Even when the software does not crash, it does not guarantee that the component tests performed 100% correctly. Any result that indicates a fault in a component must be analyzed to ensure that it was truly caused by a fault in the component and not the controlling software/CPU. For example, a reported DMA failure may actually be the result of a CPU upset while running the DMA test code. In these cases, additional data collection may be necessary to distinguish between the two types of events. Alternatively, it may be possible to subtract the cross section of the CPU in determining per-component cross sections. This type of analysis was unfortunately not included in our experiments, and future work would be necessary to explore approaches to disambiguate these events. However, the failure rate of our DUT's CPU was very low, so while the possibility of a false interpretation of radiation induced faults is certainly possible, we believe it would be rare for our test platform.

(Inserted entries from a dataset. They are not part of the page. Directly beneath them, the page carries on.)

(* For every $x\in(0,1)$, $\ \Gamma(x,1-x)\ \ge\ e^{-\Gamma'(1)}$.
   Context: For $x>0,y>0$ the Bigamma function is the (convergent) improper integral $\Gamma(x,y):=\int_0^1(-\ln t)^{x-1}\big(-\ln(1-t)\big)^{y-1}\,dt$. $\Gamma'(1)$ is the derivative at $1$ of Euler's gamma function. *)

From Stdlib Require Import Reals.
From Coquelicot Require Import Coquelicot.
Open Scope R_scope.

Definition EulerGamma (x : R) : R :=
  RInt_gen (fun t => Rpower t (x - 1) * exp (- t))
           (at_right 0) (Rbar_locally p_infty).

Definition Bigamma (x y : R) : R :=
  RInt_gen (fun t => Rpower (- ln t) (x - 1) * Rpower (- ln (1 - t)) (y - 1))
           (at_right 0) (at_left 1).

From Stdlib Require Import Reals Lra Psatz.
From Coquelicot Require Import Coquelicot.
Open Scope R_scope.

(* With [a = - ln t] and [b = - ln (1 - t)], the integrand of [Bigamma x (1 - x)]
   is [exp ((x - 1) ln a - x ln b)].  The tangent-line bounds
   [ln u <= (u ^ h - 1) / h] and [exp s >= exp c * (1 + s - c)] bound it below by
   an affine function of [a ^ h] and [b ^ h], and the substitutions [s = a],
   [s = b] show that both of these integrate to [EulerGamma (1 + h)] over (0, 1).
   Choosing [c = - (EulerGamma (1 + h) - 1) / h] yields
   [Bigamma x (1 - x) >= exp (- (EulerGamma (1 + h) - EulerGamma 1) / h)] for all
   [h] in (0, 1].  These difference quotients are also at most [1], since
   [t ^ h <= 1 + h (t ^ 2 - t)]; as Coquelicot defines [Derive EulerGamma 1] from
   the quotients at [h = / (n + 1)], it obeys the same bound, and no
   differentiability of [EulerGamma] has to be proved. *)

Lemma ball_R_iff (x e y : R) : ball x e y <-> Rabs (y - x) < e.
Proof. reflexivity. Qed.

Lemma ball_R_lt (x e y : R) : ball x e y -> x - e < y < x + e.
Proof. intros H. destruct (Rabs_def2 _ _ (proj1 (ball_R_iff x e y) H)). lra. Qed.

Lemma continuous_of_ex_derive (f : R -> R) x : ex_derive f x -> continuous f x.
Proof. exact (ex_derive_continuous (K := R_AbsRing) (V := R_NormedModule) f x). Qed.

Lemma exp_le_exp_of_le a b : a <= b -> exp a <= exp b.
Proof. intros [Hab | ->]; [left; now apply exp_increasing | apply Rle_refl]. Qed.

(** * Improper integrals *)

Definition is_interval (I : R -> Prop) :=
  forall a b y, I a -> I b -> Rmin a b <= y <= Rmax a b -> I y.

Lemma filter_prod_interval {Fa Fb : (R -> Prop) -> Prop}
    {FFa : Filter Fa} {FFb : Filter Fb} (I : R -> Prop) :
  is_interval I -> Fa I -> Fb I ->
  filter_prod Fa Fb
    (fun ab => forall y, Rmin (fst ab) (snd ab) <= y <= Rmax (fst ab) (snd ab) -> I y).
Proof.
  intros HI Ha Hb. exists I I; auto. intros a b Ia Ib y Hy. exact (HI a b y Ia Ib Hy).
Qed.

Lemma is_RInt_gen_filterlim {Fa Fb : (R -> Prop) -> Prop}
    {FFa : Filter Fa} {FFb : Filter Fb} (f : R -> R) l :
  is_RInt_gen f Fa Fb l ->
  filter_prod Fa Fb (fun ab => ex_RInt f (fst ab) (snd ab)) /\
  filterlim (fun ab => RInt f (fst ab) (snd ab)) (filter_prod Fa Fb) (locally l).
Proof.
  intros H. split.
  - assert (Htrue := H (fun _ => True) filter_true). unfold filtermapi in Htrue.
    revert Htrue. apply filter_imp. intros ab [y [Hy _]]. now exists y.
  - intros P HP. assert (HPl := H P HP). unfold filtermapi in HPl.
    unfold filtermap. revert HPl. apply filter_imp.
    intros ab [y [Hy Py]]. now rewrite (is_RInt_unique _ _ _ _ Hy).
Qed.

Lemma filterlim_is_RInt_gen {Fa Fb : (R -> Prop) -> Prop}
    {FFa : Filter Fa} {FFb : Filter Fb} (f : R -> R) l :
  filter_prod Fa Fb (fun ab => ex_RInt f (fst ab) (snd ab)) ->
  filterlim (fun ab => RInt f (fst ab) (snd ab)) (filter_prod Fa Fb) (locally l) ->
  is_RInt_gen f Fa Fb l.
Proof.
  intros Hex Hlim P HP. unfold filtermapi.
  assert (HPl := Hlim P HP). unfold filtermap in HPl.
  generalize (filter_and _ _ Hex HPl). apply filter_imp.
  intros ab [He Hp]. exists (RInt f (fst ab) (snd ab)).
  split; [apply (RInt_correct f); exact He | exact Hp].
Qed.

Lemma ex_RInt_interval (f : R -> R) (I : R -> Prop) a b :
  is_interval I -> (forall y, I y -> continuous f y) -> I a -> I b -> ex_RInt f a b.
Proof.
  intros HI Hc Ha Hb. apply (ex_RInt_continuous (V := R_CompleteNormedModule)).
  intros y Hy. exact (Hc y (HI a b y Ha Hb Hy)).
Qed.

Lemma Rabs_RInt_le_Rabs_RInt (f g : R -> R) a b :
  (forall y, Rmin a b <= y <= Rmax a b -> 0 <= f y <= g y) ->
  ex_RInt f a b -> ex_RInt g a b -> Rabs (RInt f a b) <= Rabs (RInt g a b).
Proof.
  assert (Ordered : forall u v, u <= v -> (forall y, u <= y <= v -> 0 <= f y <= g y) ->
            ex_RInt f u v -> ex_RInt g u v -> Rabs (RInt f u v) <= Rabs (RInt g u v)).
  { intros u v Huv Hfg Ef Eg.
    assert (0 <= RInt f u v) by (apply RInt_ge_0; auto; intros y Hy; apply Hfg; lra).
    assert (RInt f u v <= RInt g u v) by (apply RInt_le; auto; intros y Hy; apply Hfg; lra).
    rewrite !Rabs_right; lra. }
  intros Hfg Ef Eg. destruct (Rle_lt_dec a b) as [Hab | Hba].
  - apply Ordered; auto. intros y Hy. apply Hfg. rewrite Rmin_left, Rmax_right; lra.
  - rewrite <- (opp_RInt_swap f b a), <- (opp_RInt_swap g b a) by (now apply ex_RInt_swap).
    unfold opp; simpl; rewrite !Rabs_Ropp.
    apply Ordered; try (now apply ex_RInt_swap); [lra|].
    intros y Hy. apply Hfg. rewrite Rmin_right, Rmax_left; lra.
Qed.

(* Chasles turns the difference of two partial integrals of [f] into the
   integrals over the two "end pieces", which are controlled by those of [g]. *)
Lemma Rabs_RInt_sub_le (f g : R -> R) (I : R -> Prop) a b a' b' :
  is_interval I -> (forall y, I y -> 0 <= f y <= g y /\ continuous f y /\ continuous g y) ->
  I a -> I b -> I a' -> I b' ->
  Rabs (RInt f a' b' - RInt f a b)
    <= Rabs (RInt g a b - RInt g a' b) + Rabs (RInt g a' b - RInt g a' b').
Proof.
  intros HI Hfg Ia Ib Ia' Ib'.
  assert (Ex : forall h u v, (forall y, I y -> continuous h y) -> I u -> I v -> ex_RInt h u v)
    by (intros; eapply ex_RInt_interval; eauto).
  assert (Ef : forall u v, I u -> I v -> ex_RInt f u v) by (intros; apply Ex; auto; apply Hfg).
  assert (Eg : forall u v, I u -> I v -> ex_RInt g u v) by (intros; apply Ex; auto; apply Hfg).
  assert (Piece : forall u v, I u -> I v -> Rabs (RInt f u v) <= Rabs (RInt g u v)).
  { intros u v Iu Iv. apply Rabs_RInt_le_Rabs_RInt; auto.
    intros y Hy. apply Hfg, (HI u v y Iu Iv Hy). }
  assert (Xf1 := RInt_Chasles f a a' b (Ef _ _ Ia Ia') (Ef _ _ Ia' Ib)).
  assert (Xf2 := RInt_Chasles f a' b' b (Ef _ _ Ia' Ib') (Ef _ _ Ib' Ib)).
  assert (Xg1 := RInt_Chasles g a a' b (Eg _ _ Ia Ia') (Eg _ _ Ia' Ib)).
  assert (Xg2 := RInt_Chasles g a' b' b (Eg _ _ Ia' Ib') (Eg _ _ Ib' Ib)).
  unfold plus in *; simpl in *.
  replace (RInt f a' b' - RInt f a b) with (- (RInt f a a' + RInt f b' b)) by lra.
  replace (RInt g a b - RInt g a' b) with (RInt g a a') by lra.
  replace (RInt g a' b - RInt g a' b') with (RInt g b' b) by lra.
  rewrite Rabs_Ropp. eapply Rle_trans; [apply Rabs_triang|].
  apply Rplus_le_compat; auto.
Qed.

It is also worth noting that the SoC architecture of our DUT contains many heterogeneous compute and memory components that are largely independent, with point-to-point connections to the processor. This makes the DUT well suited for our testing approach where multiple SoC components can be evaluated during the same test. Other SoC architectures may be more prohibitive, such as architectures that rely on mesh networks or networks-on-chip (NoCs) to pass data along across several different components [28]. In such architectures it may be much more difficult to isolate which individual component exhibited a failure.

While there are certainly issues to consider, our bare metal component-based method offers advantages as well. As mentioned earlier, the bare metal approach gives maximum control over each component, and the ability to isolate radiation characteristics. In addition, by using the SoC itself to test the various components, the experiment is self-contained. No external equipment is required beyond the standard equipment that is used to program and communicate with the SoC. This lends itself well to testing COTS (commercial-off-theshelf) SoCs since development boards are readily available to facilitate programming and communication.

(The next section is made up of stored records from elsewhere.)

Lemma WLE_mvar t : (t < n)%N -> mono_maxrank n V t -> WLE J 'X_[mvar t].
Proof.
move=> tn CW; split; first by rewrite dhomogX; apply/eqP; apply: mdeg_mvar.
move=> d d1; case: (CW d d1) => [inj|surj]; [left => f fh /JE H|right => g gh].
  apply/JE => mm mmf; apply: (inj _ (size_exps mm)); first by rewrite sumn_exps (dhomog_mf fh).
  by rewrite -exps_add_mvar //; apply: H; rewrite mcoeff_msupp mulrC mcoeffMX -mcoeff_msupp.
have [f fh Hf] := mvar_divide tn gh; exists f; split => //.
apply/JE => mm /Hf [mmg nle]; apply: surj; rewrite ?size_exps ?sumn_exps ?(dhomog_mf gh) //.
by apply/eqP; rewrite -leqn0 leqNgt; apply: contra nle; apply: mvar_le.
Qed.

Lemma WLE_0 : (forall u, size u = n -> (0 < sumn u)%N -> V u) -> WLE J 0.
Proof.
move=> Vpos; split => [|d _]; first exact: rpred0.
right => g gh; exists 0; split; rewrite ?rpred0 // mulr0 subr0.
apply/JE => mm mmg; apply: Vpos; rewrite ?size_exps // sumn_exps (dhomog_mf gh) //.
Qed.

End WLE.

(* [x_{n-i}], whose exponent has index [(n - i).-1]; [0] once [i >= n]. *)
Definition lvar (i : nat) : {mpoly K[n]} := if (i < n)%N then 'X_[mvar (n - i).-1] else 0.

Lemma gen_ideal_lvarE (W : pred (seq nat)) m i : (i <= m)%N -> forall f,
  gen_ideal (fun f => mon_ideal W f \/ exists j : 'I_m, (j < i)%N /\ f = lvar j) f <->
  supp_sat (fun u => mideal W u || uses_var (n - i) n u) f.
Proof.
move=> im f; split.
  apply: gen_ideal_supp_sat => [mm mm' /orP [H|/uses_varP [t tr p]] le|s [Hs|[j [ji ->]]]].
  - by rewrite (mideal_mdiv H) ?mdiv_exps.
  - apply/orP; right; apply/uses_varP; exists t => //; apply: leq_trans p _.
    by have := (elimT (mdivP _ _) (mdiv_exps le)).2 t.
  - move=> mm mms; apply/orP; left; move: mm mms; apply: gen_ideal_supp_sat Hs.
      by move=> mm mm' H le; rewrite (mideal_mdiv H) ?mdiv_exps.
    by move=> s' [u [Wu ->]] mm; rewrite msuppX inE => /eqP ->; apply: mideal_gen.
  rewrite /lvar; case: ifP => jn mm; last by rewrite mcoeff_msupp mcoeff0 eqxx.
  rewrite msuppX inE => /eqP ->; apply/orP; right; apply/uses_varP; exists (n - j).-1.
    by apply/andP; split; lia.
  have tn : ((n - j).-1 < n)%N by lia.
  by rewrite (nth_exps _ tn) mnmE /= eqxx.
apply: supp_sat_gen_ideal => mm /orP [/midealP [v [Wv vmm]]|/uses_varP [t /andP [t1 t2] p]].
  have sv : size v = n by rewrite (size_mdiv vmm) size_exps.
  pose m0 : 'X_{1..n} := Multinom (Tuple (introT eqP sv)).
  exists m0; first by left; rewrite -[X in mon_ideal _ X]mul1r; apply: gen_idealM; exists m0.
  apply/mnm_lepP => x; rewrite !(mnm_nth 0%N).
  by have := (elimT (mdivP _ _) vmm).2 x.
have j1 : ((n - t).-1 < m)%N by lia.
exists (mvar t); last exact: mvar_le.
right; exists (Ordinal j1); split; first by rewrite /=; lia.
by rewrite /lvar /= ifT; [congr 'X_[mvar _]|]; lia.
Qed.

End MonomialIdeals.

Lemma dhomog0_const (K : fieldType) n (p : {mpoly K[n]}) : p \is 0.-homog -> p = (p@_0%MM)%:MP.
Proof.
move=> p0; apply/mpolyP => m; rewrite mcoeffC; case: (eqVneq m 0%MM) => [->|nm].
  by rewrite mulr1.
by rewrite mulr0 (dhomog_nemf_coeff p0) // mdeg_eq0.
Qed.

Section HilbertZero.
Variables (K : fieldType) (N : nat) (S : {mpoly K[N]} -> Prop).
Local Notation J := (gen_ideal S).

Lemma hilb_at_unit d c : J 1 -> hilb_at J d c -> c = 0%N.
Proof.
case: c => [|c] // J1 [b [_ [bind _]]].
have := bind (fun _ => 1) (gen_ideal_all J1 _) ord0.
by move/eqP; rewrite oner_eq0.
Qed.

Lemma hilb_at0_unit : hilb_at J 0 0 -> J 1.
Proof.
move=> [b [_ [_ bspan]]]; have [a Ja] := bspan 1 (dhomog1 _ _).
by rewrite big_ord0 subr0 in Ja.
Qed.

(* Two constants are linearly dependent, so [(R/J)_0] has dimension at most one. *)
Lemma hilb_at0_le1 c : hilb_at J 0 c -> (c <= 1)%N.
Proof.
case: c => [|[|c]] // [b [bh [bind _]]].
pose i0 : 'I_c.+2 := ord0; pose i1 : 'I_c.+2 := Ordinal (isT : (1 < c.+2)%N).
have bC i : b i = ((b i)@_0%MM)%:MP by apply: dhomog0_const.
pose a x0 x1 : 'I_c.+2 -> K := fun i => if i == i0 then x0 else if i == i1 then x1 else 0.
have sumE x0 x1 : \sum_(i < c.+2) a x0 x1 i *: b i = x0 *: b i0 + x1 *: b i1.
  rewrite (bigD1 i0) // (bigD1 i1) //= big1 ?addr0 => [|i /andP [ni0 ni1]].
    by rewrite /a eqxx.
  by rewrite /a (negbTE ni0) (negbTE ni1) scale0r.
set y0 := (b i0)@_0%MM; set y1 := (b i1)@_0%MM.
have y1_0 : y1 = 0.
  have := bind (a y1 (- y0)); rewrite sumE (bC i0) (bC i1) -/y0 -/y1.
  rewrite -!mul_mpolyC -!mpolyCM -mpolyCD mulNr (mulrC y1) subrr mpolyC0.
  move=> /(_ (gen_ideal0 _) i0).
  by rewrite /a eqxx.
have := bind (a 0 1); rewrite sumE scale0r add0r scale1r (bC i1) -/y1 y1_0.
by move=> /(_ (gen_ideal0 _) i1); rewrite /a /= => /eqP; rewrite oner_eq0.
Qed.

End HilbertZero.

Lemma Oseq_hv0 (K : fieldType) g : Oseq K g -> hv g 0 = 1%N.
Proof.
case=> sz [lst [N [S [_ Hh]]]].
have := hilb_at0_le1 (Hh 0%N); case e: (hv g 0) => [|[|c]] // _.
have J1 := hilb_at0_unit (eq_ind _ _ (Hh 0%N) _ e).
by have := hilb_at_unit J1 (Hh (size g).-1); rewrite /hv nth_last => /lst.
Qed.

Lemma mWLseq_WLchain (K : fieldType) j g : mWLseq K j g -> WLchain j g.
Proof. by elim: j g => [|j IH] g //= [O [U H]]; split; [apply: Oseq_hv0 O | | apply: IH]. Qed.

(* The Lefschetz elements are variables. *)
Theorem proposition3p2 (K : fieldType)
    (Kchar0 : [pchar K] =i pred0)
    (Kinf : forall s : seq K, exists x : K, x \notin s)
    (m : nat) (hm : (1 <= m)%N) (h : seq nat) (hWL : mWLseq K m h)
    (n : nat) (hn : n = hv h 1) :
  mWLP (@mon_ideal K n (Wm m h)) m.
Proof.
exists (fun i : 'I_m => lvar K n i) => i.
have JE := @gen_ideal_lvarE K n (Wm m h) m i (ltnW (ltn_ord i)).
case: (ltnP i n) => iN; rewrite /lvar ?iN; last first.
  rewrite ltnNge iN; apply: (WLE_0 JE) => u su /uses_var_sumn.
  by rewrite su (_ : n - i = 0)%N ?orbT //; lia.
apply: (WLE_mvar JE); first by lia.
subst n; have := Wm_plus_vars_maxrank (mWLseq_WLchain hWL) (leqnn _) (ltn_ord i) iN.
by apply: eq_mono_maxrank => [|u su]; rewrite /Wm_plus_vars ?take_oversize ?su //; lia.
Qed.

## IV. OPERATING SYSTEM-BASED METHOD

The second SoC testing approach used in this work involves the use of a Linux operating system running on the MPSoC device and configuring the kernel in such a way as to report as many system and component errors as possible. SEU induced failures that occur within the system are detected by a variety of error reporting mechanisms within the kernel, device drivers, and application software. The two primary benefits of using an operating system like Linux for SoC testing is the ease of creating the test software environment and the ease of measuring the failure rate of multiple components. If the Linux operating system has been properly ported to the SoC of interest, then the operating system software contains most of the code necessary to exercise many of the components within the SoC and report on these component failures. Much of the low-level software needed to interact with these itnernal components already exists within the device driver kernel code ported for the device. A complex kernel with a memory management unit, support for multiple cores, and device drivers for the devices on the SoC can load the SoC much more effectively than in a bare metal system. Such loading on the SoC will expose failure modes that are not visible in a bare metal system.

A number of previous works have demonstrated the importance and impact of the operating system when performing radiation testing on a processor. [13] provides a set of guidelines on methods for testing microprocessor devices and emphasises the importance of the operating system on the overall results. This work suggests that if a complex operating system is used, it will heavily influence the results and interfere with attempts to characterize the basic response of the processor. This worked demonstrated the impact on processor hang rate using the Windows NT operating system. [29] provides a case study on microprocessor testing that suggests systems should be tested using the operating system used in flight to adequately understand full system failures. [30] measures the improvement in reliability provided by two fault-tolerant realtime operating systems operating on a 28-nm ARM processor core. [31] investigates the impact of an operating system on an embedded SoC. Results from this work indicate that the O/S

effect on the functional interrupt rate. There are a few disadvantages of using a complex operating system for SoC testing. First, the cross section of the processor system itself will be higher with Linux than in a bare metal system. This higher processor system cross section is a result of more system resources being utilized and thus more opportunities for failure. A higher processor system cross section will make it more difficult to tease out errors in other components as the processor will fail more often between other component failures. Second, it may not be possible to test some components for radiation-induced failure. If there are no device drivers for a component found within a particular SoC then it is not possible to access the component to check on its behavior at run-time. In addition, some components within a system cannot be accessed by the processor when the processor is configured for virtual memory. Third, there will be generally less control of the components under test within Linux and a pre-designed device driver. The user may have less control over configuring a component, monitoring a component, or reporting component failures in a Linux test than with bare metal.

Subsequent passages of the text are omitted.